:: Task goal ::
Going through the data below, tally every line where the string "From" occurs, then give only the tally.

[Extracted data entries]
==================================================
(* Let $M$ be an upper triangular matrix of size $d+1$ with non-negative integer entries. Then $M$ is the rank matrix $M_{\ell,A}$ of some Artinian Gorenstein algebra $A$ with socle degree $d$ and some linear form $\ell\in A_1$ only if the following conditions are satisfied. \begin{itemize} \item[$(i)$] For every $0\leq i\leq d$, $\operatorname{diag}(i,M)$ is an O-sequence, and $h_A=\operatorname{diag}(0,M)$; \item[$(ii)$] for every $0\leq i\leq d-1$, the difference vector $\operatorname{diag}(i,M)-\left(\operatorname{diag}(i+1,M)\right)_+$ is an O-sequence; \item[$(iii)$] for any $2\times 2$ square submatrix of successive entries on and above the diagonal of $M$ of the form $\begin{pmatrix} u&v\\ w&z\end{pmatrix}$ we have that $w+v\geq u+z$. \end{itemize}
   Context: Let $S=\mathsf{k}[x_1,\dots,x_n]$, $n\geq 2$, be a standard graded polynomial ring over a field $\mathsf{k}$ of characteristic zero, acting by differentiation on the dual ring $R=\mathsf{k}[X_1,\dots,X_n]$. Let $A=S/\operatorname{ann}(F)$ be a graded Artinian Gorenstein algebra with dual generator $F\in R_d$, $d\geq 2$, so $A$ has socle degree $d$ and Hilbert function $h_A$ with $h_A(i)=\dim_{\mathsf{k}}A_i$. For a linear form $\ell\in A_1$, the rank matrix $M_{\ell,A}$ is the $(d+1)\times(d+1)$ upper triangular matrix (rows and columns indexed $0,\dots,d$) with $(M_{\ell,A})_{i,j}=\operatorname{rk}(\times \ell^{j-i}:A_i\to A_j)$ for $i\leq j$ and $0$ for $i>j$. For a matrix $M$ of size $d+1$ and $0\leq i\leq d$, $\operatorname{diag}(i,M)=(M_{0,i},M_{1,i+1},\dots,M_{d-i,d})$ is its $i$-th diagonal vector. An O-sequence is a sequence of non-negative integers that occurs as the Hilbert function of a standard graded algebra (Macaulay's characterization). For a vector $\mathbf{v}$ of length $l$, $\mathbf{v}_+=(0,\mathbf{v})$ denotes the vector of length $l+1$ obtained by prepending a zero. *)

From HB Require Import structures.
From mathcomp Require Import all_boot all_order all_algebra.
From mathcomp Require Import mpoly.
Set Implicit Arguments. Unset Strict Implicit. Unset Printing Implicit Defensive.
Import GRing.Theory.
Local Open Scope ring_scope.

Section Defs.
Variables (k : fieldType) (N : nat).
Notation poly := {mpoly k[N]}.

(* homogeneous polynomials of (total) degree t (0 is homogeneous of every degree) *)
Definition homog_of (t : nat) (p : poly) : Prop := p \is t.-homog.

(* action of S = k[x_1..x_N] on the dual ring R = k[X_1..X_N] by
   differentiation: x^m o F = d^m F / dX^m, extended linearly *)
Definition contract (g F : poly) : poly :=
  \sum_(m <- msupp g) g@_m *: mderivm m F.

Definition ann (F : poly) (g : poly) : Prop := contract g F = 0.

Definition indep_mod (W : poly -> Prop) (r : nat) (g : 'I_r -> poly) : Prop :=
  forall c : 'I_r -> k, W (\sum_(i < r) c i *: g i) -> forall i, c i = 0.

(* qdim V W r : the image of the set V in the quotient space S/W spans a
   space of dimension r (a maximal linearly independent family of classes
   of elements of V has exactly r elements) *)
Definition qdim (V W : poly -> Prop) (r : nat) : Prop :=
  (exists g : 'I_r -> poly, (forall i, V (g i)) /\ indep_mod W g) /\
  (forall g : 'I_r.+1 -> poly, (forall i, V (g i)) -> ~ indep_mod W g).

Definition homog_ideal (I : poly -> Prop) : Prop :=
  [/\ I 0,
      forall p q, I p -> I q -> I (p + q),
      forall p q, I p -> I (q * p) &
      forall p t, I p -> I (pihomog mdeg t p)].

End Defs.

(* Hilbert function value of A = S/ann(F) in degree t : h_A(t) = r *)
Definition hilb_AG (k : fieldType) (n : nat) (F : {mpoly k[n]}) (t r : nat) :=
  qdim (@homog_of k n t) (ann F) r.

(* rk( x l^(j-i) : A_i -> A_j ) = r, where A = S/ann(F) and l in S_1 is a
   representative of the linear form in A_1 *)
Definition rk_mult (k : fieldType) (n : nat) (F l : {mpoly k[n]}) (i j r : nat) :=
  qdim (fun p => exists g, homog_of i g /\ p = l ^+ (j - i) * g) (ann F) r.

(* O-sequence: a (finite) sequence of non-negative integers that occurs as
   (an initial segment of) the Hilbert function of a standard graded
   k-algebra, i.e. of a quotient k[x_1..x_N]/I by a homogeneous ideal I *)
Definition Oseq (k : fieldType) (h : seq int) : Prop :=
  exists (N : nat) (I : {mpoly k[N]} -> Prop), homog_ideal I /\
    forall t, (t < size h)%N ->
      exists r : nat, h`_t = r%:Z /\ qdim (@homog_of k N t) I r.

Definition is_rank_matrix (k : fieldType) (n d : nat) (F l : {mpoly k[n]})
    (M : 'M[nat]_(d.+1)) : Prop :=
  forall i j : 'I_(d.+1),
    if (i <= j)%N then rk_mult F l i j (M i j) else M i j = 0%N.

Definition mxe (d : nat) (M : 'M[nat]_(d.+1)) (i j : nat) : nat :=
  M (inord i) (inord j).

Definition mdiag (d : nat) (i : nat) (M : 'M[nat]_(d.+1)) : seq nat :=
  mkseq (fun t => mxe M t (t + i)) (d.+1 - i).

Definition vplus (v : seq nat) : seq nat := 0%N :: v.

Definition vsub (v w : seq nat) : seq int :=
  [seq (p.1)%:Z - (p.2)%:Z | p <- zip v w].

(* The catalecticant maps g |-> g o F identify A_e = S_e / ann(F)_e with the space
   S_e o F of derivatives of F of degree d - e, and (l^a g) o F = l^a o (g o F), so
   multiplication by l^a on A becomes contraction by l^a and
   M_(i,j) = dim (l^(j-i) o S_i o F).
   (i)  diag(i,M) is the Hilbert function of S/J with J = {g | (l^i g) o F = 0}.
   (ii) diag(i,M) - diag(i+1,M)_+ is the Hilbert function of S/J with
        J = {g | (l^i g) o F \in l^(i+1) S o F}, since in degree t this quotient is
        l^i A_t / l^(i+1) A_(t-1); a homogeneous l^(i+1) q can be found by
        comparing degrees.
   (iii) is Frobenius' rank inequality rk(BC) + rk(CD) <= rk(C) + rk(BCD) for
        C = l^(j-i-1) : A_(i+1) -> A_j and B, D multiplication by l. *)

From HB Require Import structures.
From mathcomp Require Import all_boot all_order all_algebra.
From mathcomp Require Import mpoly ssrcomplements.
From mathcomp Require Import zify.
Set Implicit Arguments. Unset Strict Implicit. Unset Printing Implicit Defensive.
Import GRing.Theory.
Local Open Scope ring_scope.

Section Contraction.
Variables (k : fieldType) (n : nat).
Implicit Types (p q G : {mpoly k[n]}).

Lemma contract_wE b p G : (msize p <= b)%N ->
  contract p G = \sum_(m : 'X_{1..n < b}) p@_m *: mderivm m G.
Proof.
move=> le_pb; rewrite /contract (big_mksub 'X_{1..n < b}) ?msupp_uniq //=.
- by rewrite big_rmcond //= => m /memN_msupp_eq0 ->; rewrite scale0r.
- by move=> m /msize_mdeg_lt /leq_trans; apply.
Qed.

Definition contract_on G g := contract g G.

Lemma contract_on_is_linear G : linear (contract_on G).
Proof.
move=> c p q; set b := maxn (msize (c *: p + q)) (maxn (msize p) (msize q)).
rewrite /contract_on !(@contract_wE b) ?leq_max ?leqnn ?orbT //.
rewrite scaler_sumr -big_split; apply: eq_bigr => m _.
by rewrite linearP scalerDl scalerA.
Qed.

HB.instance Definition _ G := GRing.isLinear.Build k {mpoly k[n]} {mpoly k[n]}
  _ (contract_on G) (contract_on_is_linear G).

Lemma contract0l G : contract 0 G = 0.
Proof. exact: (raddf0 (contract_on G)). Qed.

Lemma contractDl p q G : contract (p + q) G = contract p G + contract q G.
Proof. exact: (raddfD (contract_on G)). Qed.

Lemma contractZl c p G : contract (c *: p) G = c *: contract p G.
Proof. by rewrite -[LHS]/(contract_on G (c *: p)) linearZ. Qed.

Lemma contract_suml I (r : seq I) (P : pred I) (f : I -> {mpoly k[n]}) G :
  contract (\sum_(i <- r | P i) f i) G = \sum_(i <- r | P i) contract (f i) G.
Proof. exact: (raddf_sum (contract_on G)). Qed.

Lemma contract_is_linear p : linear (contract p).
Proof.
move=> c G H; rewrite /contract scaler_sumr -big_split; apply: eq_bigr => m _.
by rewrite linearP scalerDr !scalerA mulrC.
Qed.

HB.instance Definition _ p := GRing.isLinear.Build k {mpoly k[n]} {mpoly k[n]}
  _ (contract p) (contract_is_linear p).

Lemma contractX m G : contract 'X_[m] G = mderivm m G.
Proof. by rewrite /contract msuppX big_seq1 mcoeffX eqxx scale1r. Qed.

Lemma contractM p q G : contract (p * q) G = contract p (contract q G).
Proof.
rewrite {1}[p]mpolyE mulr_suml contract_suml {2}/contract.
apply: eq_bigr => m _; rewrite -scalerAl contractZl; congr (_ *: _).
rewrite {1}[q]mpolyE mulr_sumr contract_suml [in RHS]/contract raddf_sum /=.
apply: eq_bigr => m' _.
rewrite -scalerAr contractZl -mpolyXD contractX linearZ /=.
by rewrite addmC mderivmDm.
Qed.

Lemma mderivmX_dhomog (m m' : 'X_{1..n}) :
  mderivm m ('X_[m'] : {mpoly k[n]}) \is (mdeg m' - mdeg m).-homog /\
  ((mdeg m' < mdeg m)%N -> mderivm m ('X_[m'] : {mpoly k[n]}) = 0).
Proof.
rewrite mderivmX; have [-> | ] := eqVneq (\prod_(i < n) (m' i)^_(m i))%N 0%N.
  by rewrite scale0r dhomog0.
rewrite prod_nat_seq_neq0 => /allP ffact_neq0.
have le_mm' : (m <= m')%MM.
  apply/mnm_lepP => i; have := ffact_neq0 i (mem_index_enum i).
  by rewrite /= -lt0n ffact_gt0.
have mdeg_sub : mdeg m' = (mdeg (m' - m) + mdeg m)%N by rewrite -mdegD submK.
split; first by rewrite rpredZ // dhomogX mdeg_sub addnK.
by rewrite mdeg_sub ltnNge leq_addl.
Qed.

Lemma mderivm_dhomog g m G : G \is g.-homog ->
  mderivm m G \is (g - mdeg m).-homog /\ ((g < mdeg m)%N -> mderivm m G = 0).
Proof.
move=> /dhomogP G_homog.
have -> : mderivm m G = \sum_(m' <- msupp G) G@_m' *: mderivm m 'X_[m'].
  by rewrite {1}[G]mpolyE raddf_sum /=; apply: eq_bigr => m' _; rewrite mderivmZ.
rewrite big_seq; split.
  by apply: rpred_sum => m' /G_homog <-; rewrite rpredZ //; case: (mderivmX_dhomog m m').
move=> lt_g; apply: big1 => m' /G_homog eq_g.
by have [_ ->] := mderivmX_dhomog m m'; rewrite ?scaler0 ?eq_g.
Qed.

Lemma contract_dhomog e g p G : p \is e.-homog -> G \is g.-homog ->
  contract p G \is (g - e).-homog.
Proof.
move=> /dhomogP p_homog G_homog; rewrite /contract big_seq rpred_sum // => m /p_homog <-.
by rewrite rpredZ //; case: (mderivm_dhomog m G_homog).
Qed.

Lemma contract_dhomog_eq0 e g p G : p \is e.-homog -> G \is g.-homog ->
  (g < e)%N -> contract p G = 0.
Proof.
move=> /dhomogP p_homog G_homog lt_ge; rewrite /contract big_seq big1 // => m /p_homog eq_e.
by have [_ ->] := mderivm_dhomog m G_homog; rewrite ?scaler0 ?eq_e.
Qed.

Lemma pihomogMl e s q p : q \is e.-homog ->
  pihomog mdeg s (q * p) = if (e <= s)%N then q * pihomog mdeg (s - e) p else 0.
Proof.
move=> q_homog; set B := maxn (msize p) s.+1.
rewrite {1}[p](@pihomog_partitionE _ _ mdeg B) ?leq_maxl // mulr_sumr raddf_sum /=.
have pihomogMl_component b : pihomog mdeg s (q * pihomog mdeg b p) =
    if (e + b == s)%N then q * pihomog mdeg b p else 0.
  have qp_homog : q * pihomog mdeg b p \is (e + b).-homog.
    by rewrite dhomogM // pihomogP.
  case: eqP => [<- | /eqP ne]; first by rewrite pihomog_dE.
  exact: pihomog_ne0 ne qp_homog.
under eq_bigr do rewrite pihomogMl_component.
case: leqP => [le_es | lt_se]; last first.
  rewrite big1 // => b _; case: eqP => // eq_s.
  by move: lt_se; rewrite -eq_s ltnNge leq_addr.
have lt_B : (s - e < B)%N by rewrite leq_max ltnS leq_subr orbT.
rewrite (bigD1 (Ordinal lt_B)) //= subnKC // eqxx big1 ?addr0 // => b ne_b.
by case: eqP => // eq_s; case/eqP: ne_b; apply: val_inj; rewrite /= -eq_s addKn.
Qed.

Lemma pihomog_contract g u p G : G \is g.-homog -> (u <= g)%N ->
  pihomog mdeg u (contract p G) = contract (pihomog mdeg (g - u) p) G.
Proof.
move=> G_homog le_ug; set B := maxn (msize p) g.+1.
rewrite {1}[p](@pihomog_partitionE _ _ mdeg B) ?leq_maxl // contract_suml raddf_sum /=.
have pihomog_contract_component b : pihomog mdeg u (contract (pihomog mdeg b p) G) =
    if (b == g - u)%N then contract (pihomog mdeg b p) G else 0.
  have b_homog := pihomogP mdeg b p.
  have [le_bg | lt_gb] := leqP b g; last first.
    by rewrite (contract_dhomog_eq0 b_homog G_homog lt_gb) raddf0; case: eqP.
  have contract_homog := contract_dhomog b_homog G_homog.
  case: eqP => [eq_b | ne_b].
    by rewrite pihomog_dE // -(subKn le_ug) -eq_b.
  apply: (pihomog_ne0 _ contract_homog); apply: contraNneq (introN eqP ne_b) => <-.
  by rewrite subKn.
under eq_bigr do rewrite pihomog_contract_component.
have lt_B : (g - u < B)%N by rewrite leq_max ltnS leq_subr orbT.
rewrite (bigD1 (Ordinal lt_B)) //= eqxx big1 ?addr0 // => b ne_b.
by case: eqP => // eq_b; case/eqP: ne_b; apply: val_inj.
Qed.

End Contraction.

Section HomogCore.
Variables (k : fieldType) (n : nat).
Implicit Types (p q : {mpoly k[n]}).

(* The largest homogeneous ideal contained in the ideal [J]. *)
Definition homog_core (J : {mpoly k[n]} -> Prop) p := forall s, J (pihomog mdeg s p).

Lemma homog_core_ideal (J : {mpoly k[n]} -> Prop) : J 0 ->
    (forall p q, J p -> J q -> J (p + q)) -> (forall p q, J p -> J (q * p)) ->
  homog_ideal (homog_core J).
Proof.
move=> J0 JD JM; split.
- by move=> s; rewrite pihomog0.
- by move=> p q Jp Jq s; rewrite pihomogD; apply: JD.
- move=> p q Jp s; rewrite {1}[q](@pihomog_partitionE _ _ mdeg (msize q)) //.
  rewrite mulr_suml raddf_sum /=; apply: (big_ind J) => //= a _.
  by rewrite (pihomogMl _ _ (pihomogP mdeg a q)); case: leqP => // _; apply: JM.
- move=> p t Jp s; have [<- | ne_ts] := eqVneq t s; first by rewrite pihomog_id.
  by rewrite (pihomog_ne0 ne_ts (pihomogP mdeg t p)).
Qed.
==================================================
:: Solution to the exercise ::
7